Conclusion: Single-wall and multi-wall carbon nanotubes complexed with chitosan improved the re-epithelialization of wounds, but an increase in fibrosis was detected.

Keywords: carbon nanotubes, chitosan, wound healing, re-epithelialization, fibrosis, inflammation

Introduction

The integumentary system consists of skin and its accessories, including hair follicles, sweat glands and sebaceous glands. It provides various indispensible protective and regulatory functions. Throughout a person’s life, skin is repeatedly subjected to many kinds of injuries, which usually heal within a relatively short time by perfect regeneration or with various degrees of scarring. However, some skin injuries, such as severe burns, diabetic foot and bed ulcers may take several months to heal, if they ever do, which requires prolonged hospitalization and may predispose patients to serious infections and complications.1,2 The development of pharmaceutical preparations that can accelerate the healing process has long been the focus of many research groups and pharmaceutical companies worldwide.3 Among the many substances investigated for that purpose is a natural polymer called chitosan, which has the advantages of being non-toxic and biocompatible. Chitosan has been incorporated in various topical formulations including powders, hydrogels and dressings, and these preparations have been tested in wound and burn animal models. In general, chitosan-containing preparations can increase the rate of wound re-epithelialization, fibroblast proliferation, collagen deposition and the tensile strength of the healing wound.4 In addition, they exhibit good antimicrobial properties, which is important for wound care.5 In vivo data on an open skin wound model showed that chitosan-based preparations improved re-epithelialization, enhanced the production of collagen by fibroblasts and accelerated the infiltration of polymorphonuclear cells in the wound bed.6,7 Clinical studies have reported that chitosan preparations improved the histoarchitectural order and vascularization of the dermal layer.8 It is possible to further enhance the activity of chitosan, possibly by conjugating it with macromolecules such as carbon nanotubes (CNTs) that improve the adhesion of chitosan to the wounded surface and may enhance the interaction of chitosan with cells in the wound bed.

CNTs are an allotropic form of carbon with dimensions in the nanoscale and length in the micrometer scale that form a needle-like structure with a large surface area.9,10 The carbon atoms bind to each other, forming sheets of six-membered carbon atom rings (graphite) that wrap into cylindrical tubes.11,12 Depending on the number of graphite layers, CNTs can be classified into single-wall carbon nanotubes (SWCNTs) and multi-wall carbon nanotubes (MWCNTs).13 The tensile strength of CNTs can be up to 63 gigapascals (GPa), which is around 50 times greater than that of steel,14 while their elastic modulus can range between 1.0 and 1.8 terapascals (TPa).15 In general, pristine CNTs (CNTs without the addition of any hydrophilic functional group) do not disperse in water and they tend to aggregate and precipitate in aqueous solutions.16,17 Pristine CNTs may produce several toxic reactions, but the addition of polar functional groups to pristine CNTs can significantly improve the dispersibility of CNTs in aqueous environments, and at the same time greatly reduce their toxicity.1820 CNTs are currently being functionalized by different kinds of pharmacologically active molecules with the aim of enhancing drug delivery, controlling drug release and improving drug activity, which has been successful to a certain extent.21,22

In this project, SWCNTs and MWCNTs were complexed with chitosan, which is a hydrophilic polymer, via van der Waals’ interactions, so that the chitosan polymer would wrap on to the CNT with the hydrophilic regions of chitosan exposed to the aqueous environment.

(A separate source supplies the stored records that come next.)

Let mpowR : measurable_fun setT (fun x : R => x `^ (s - 1)).
Proof. exact: measurable_powR. Qed.

Lemma measurable_leftover_service l tau t :
  measurable_fun setT (leftover_service g kc l tau t).
Proof.
by apply: measurable_funM => //; apply: measurable_prod => i _; exact: mg.
Qed.

Lemma measurable_path_leftover p tau t :
  measurable_fun setT (fun w => path_leftover g kc p w tau t).
Proof.
elim: p tau t => [|l [|l' p] IH] tau t /=; first exact: measurable_cst.
  exact: measurable_leftover_service.
apply: measurable_bigmin => [|i]; apply: measurable_funM => //;
  exact: measurable_leftover_service.
Qed.

Lemma measurable_split_leftover_pow p tau t :
  measurable_fun setT (fun w => split_leftover_pow p tau t w).
Proof.
elim: p tau => [|l p IH] tau /=; first exact: measurable_cst.
apply: measurable_sum => k; apply: measurable_funM => //.
exact: measurableT_comp mpowR (measurable_leftover_service _ _ _).
Qed.

Let measurable_prod_powR (K : seq (nat * L)) :
  measurable_fun setT (fun w => \prod_(k <- K) g k.1 k.2 w `^ (s - 1)).
Proof. by apply: measurable_prod => k _; exact: measurableT_comp mpowR _. Qed.

Let prod_powR_ge0 (K : seq (nat * L)) w : 0 <= \prod_(k <- K) g k.1 k.2 w `^ (s - 1).
Proof. by apply: prodr_ge0 => k _; exact: powR_ge0. Qed.

Let integral_prod_powR (K : seq (nat * L)) : uniq K ->
  (\int[P]_w (\prod_(k <- K) g k.1 k.2 w `^ (s - 1))%:E)%E = (\prod_(k <- K) Mg k.2)%:E.
Proof.
move=> uK; rewrite (@integral_prod_indep _ _ _ P _ _ (fun _ x => x `^ (s - 1))
  g_indep (fun=> mpowR) (fun _ x => powR_ge0 x _)) //.
  by rewrite -prodEFin; apply: eq_bigr => k _; exact: mellin_g.
by move=> k; rewrite [X in X \is a fin_num]mellin_g.
Qed.

(* [K] collects the (slot, link) increments already extracted from the head
   links; they are independent of those of the links still in [p]. *)
Lemma integral_split_leftover_pow p (K : seq (nat * L)) tau t :
  uniq p -> uniq K -> {in K, forall k, k.2 \notin p} -> (tau <= t)%N ->
  (\int[P]_w ((\prod_(k <- K) g k.1 k.2 w `^ (s - 1)) *
              split_leftover_pow p tau t w)%:E)%E =
  ((\prod_(k <- K) Mg k.2) * split_sum (map a p) (t - tau))%:E.
Proof.
elim: p K tau => [|l p IH] K tau /= up uK Kp le_tau_t.
  under eq_integral do rewrite mulrC.
  rewrite ge0_integralZl_real ?integral_prod_powR // -EFinM mulrC.
  by rewrite subn_eq0 eqn_leq le_tau_t.
move: up => /andP[lp up].
have Kp' : {in K, forall k, k.2 \notin p}.
  by move=> k /Kp; rewrite in_cons negb_or => /andP[].
have Kl : {in K, forall k, k.2 != l}.
  by move=> k /Kp; rewrite in_cons negb_or => /andP[].
under eq_integral do rewrite mulr_sumr -sumEFin.
rewrite ge0_integral_sum //; last 2 first.
- move=> k; apply/measurable_EFinP; apply: measurable_funM => //.
  apply: measurable_funM; last exact: measurable_split_leftover_pow.
  exact: measurableT_comp mpowR (measurable_leftover_service _ _ _).
- move=> k w _; rewrite lee_fin mulr_ge0 //.
  by rewrite mulr_ge0 ?powR_ge0 ?split_leftover_pow_ge0.
rewrite mulr_sumr -sumEFin; apply: eq_bigr => k _.
have le_k_t : (tau + k <= t)%N by have := ltn_ord k; lia.
pose K' := K ++ [seq (i, l) | i <- index_iota tau (tau + k)].
have uK' : uniq K'.
  rewrite cat_uniq uK map_inj_uniq ?iota_uniq ?andbT; last by move=> i j [].
  by apply/hasPn => _ /mapP[i _ ->]; apply/negP => /Kl; rewrite eqxx.
have K'p : {in K', forall k, k.2 \notin p}.
  by move=> k0; rewrite mem_cat => /orP[/Kp' // | /mapP[i _ ->]].
have absorb w : (\prod_(k0 <- K) g k0.1 k0.2 w `^ (s - 1)) *
     (leftover_service g kc l tau (tau + k) w `^ (s - 1) *
      split_leftover_pow p (tau + k) t w) =
   expR (kc * (1 - s)) ^+ k *
     ((\prod_(k0 <- K') g k0.1 k0.2 w `^ (s - 1)) * split_leftover_pow p (tau + k) t w).
  rewrite powR_leftover_service /K' big_cat big_map.
  by rewrite !mulrA [X in X * _ * _]mulrC -!mulrA.
under eq_integral do rewrite absorb.
rewrite ge0_integralZl_real ?exprn_ge0 ?expR_ge0 //; last 2 first.
- by apply: measurable_funM => //; exact: measurable_split_leftover_pow.
- by move=> w; rewrite mulr_ge0 ?split_leftover_pow_ge0.
rewrite IH // -EFinM /K' big_cat big_map /= -/(index_iota tau (tau + k)).
rewrite prodr_const_nat addKn subnDA.
by rewrite /a exprMn; congr EFin; ring.
Qed.

Lemma mellin_leftover_service l tau t : (tau <= t)%N ->
  mellin P (leftover_service g kc l tau t) s = (a l ^+ (t - tau))%:E.
Proof.
move=> le_tau_t.
have nilK : {in [::], forall k : nat * L, k.2 \notin [:: l]} by [].
have := @integral_split_leftover_pow [:: l] [::] tau t isT isT nilK le_tau_t.
rewrite big_nil mul1r split_sum1 => <-.
by apply: eq_integral => w _; rewrite big_nil mul1r split_leftover_pow1.
Qed.

Lemma mellin_path_leftover_le p tau t : p != [::] -> uniq p -> (tau <= t)%N ->
  (mellin P (fun w => path_leftover g kc p w tau t) s <=
   (split_sum (map a p) (t - tau))%:E)%E.
Proof.
move=> p0 up le_tau_t.
have nilK : {in [::], forall k : nat * L, k.2 \notin p} by [].
have := @integral_split_leftover_pow p [::] tau t up isT nilK le_tau_t.
rewrite big_nil mul1r => <-.
apply: ge0_le_integral => //.
- by move=> w _; rewrite lee_fin powR_ge0.
- by apply/measurable_EFinP; exact: measurableT_comp mpowR (measurable_path_leftover _ _ _).
- apply/measurable_EFinP; under eq_fun do rewrite big_nil mul1r.
  exact: measurable_split_leftover_pow.
- by move=> w _; rewrite big_nil mul1r lee_fin powR_path_leftover_le.
Qed.

End path_leftover.

Theorem theorem3 (d : measure_display) (Omega : measurableType d) (R : realType)
  (P : probability Omega R) (n : nat) (g : nat -> 'I_n.+1 -> Omega -> R)
  (kc s : R) (tau t : nat) (m : 'I_n.+1) :
  mutually_independent P (fun il : nat * 'I_n.+1 => g il.1 il.2) ->
  (forall i l w, 0 < g i l w) ->
  (forall i l (B : set R), measurable B ->
     P (g i l @^-1` B) = P (g 0%N l @^-1` B)) ->
  (forall l, P.-integrable setT (fun w => ((g 0%N l w) `^ (s - 1))%:E)) ->
  0 <= kc -> s < 1 -> (tau <= t)%N -> m != ord_max ->
  let Mg l := fine (mellin P (g 0%N l) s) in
  Mg m != Mg ord_max ->
  let a l := expR (kc * (1 - s)) * Mg l in
  let L := enum 'I_n.+1 in
  (forall l, mellin P (leftover_service g kc l tau t) s = ((a l) ^+ (t - tau))%:E)
  /\
  (mellin P (fun w => path_leftover g kc L w tau t) s <=
    (Mg ord_max / (Mg ord_max - Mg m)
       * split_sum (map a [seq l <- L | l != m]) (t - tau)
     + Mg m / (Mg m - Mg ord_max)
       * split_sum (map a [seq l <- L | l != ord_max]) (t - tau))%:E)%E.
Proof.
move=> g_indep g_gt0 g_law g_int _ _ le_tau_t _ Mg MmN a L.
have mg i l : measurable_fun setT (g i l) by case: g_indep => mg _; exact: (mg (i, l)).
have mellin_g i l : mellin P (g i l) s = (Mg l)%:E.
  rewrite /Mg fineK; last exact: integrable_fin_num (g_int l).
  apply: (@ge0_integral_comp_eq_law _ _ _ P _ _ (fun x => (x `^ (s - 1))%:E)) => //.
  - exact: g_law.
  - by apply/measurable_EFinP; exact: measurable_powR.
  - by move=> x; rewrite lee_fin powR_ge0.
split=> [l|]; first exact: mellin_leftover_service.
apply: le_trans (mellin_path_leftover_le kc g_gt0 g_indep mellin_g _ _ le_tau_t) _.
- by rewrite -size_eq0 size_enum_ord.
- exact: enum_uniq.
by rewrite lee_fin (split_sum_scaled_partial_fraction _ (lt0r_neq0 (expR_gt0 _)) MmN).
Qed.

This resulted in a hydrogel incorporating a scaffold of CNTs (chitosan–single-wall carbon nanotubes [C-SWCNTs] and chitosan–multi-wall carbon nanotubes [C-MWCNTs]). Then, the effect of C-SWCNTs and C-MWCNTs on collagen deposition and extracellular matrix organization by fibroblasts was investigated. The effects of these compounds on the healing process were then studied in a mouse model with induced full-thickness wounds.

Materials and methods

Materials

SWCNTs and MWCNTs were purchased from Carbon Solutions (Riverside, CA, USA). Acetic acid, chitosan, Sirius Red, picric acid, formaldehyde and tetramethylrhodamine (TRITC)–phalloidin were purchased from Sigma-Aldrich (St Louis, MO, USA). DMEM 1× solution with high glucose, DMEM powder with high glucose, FBS, penicillin/streptomycin and PBS were purchased from Gibco (Waltham, MA, USA). Sterile water (Aqua®) was purchased from Braun (Kronberg im Taunus, Germany). Acid-soluble collagen was purchased from Devro (Chryston, UK). Roti®-Block, Triton X-100 and Roti®-Histofix 4% were purchased from Carl Roth (Karlsruhe, Germany), DAPI was purchased from Hoffman-La Roche Ltd. (Basel, Switzerland). The 3T3 fibroblast cell lines were a kind gift from Dr Johnny Amer (American Type Culture Collection [ATCC], Manassas, VA, USA) and human foreskin fibroblasts were obtained from ATCC.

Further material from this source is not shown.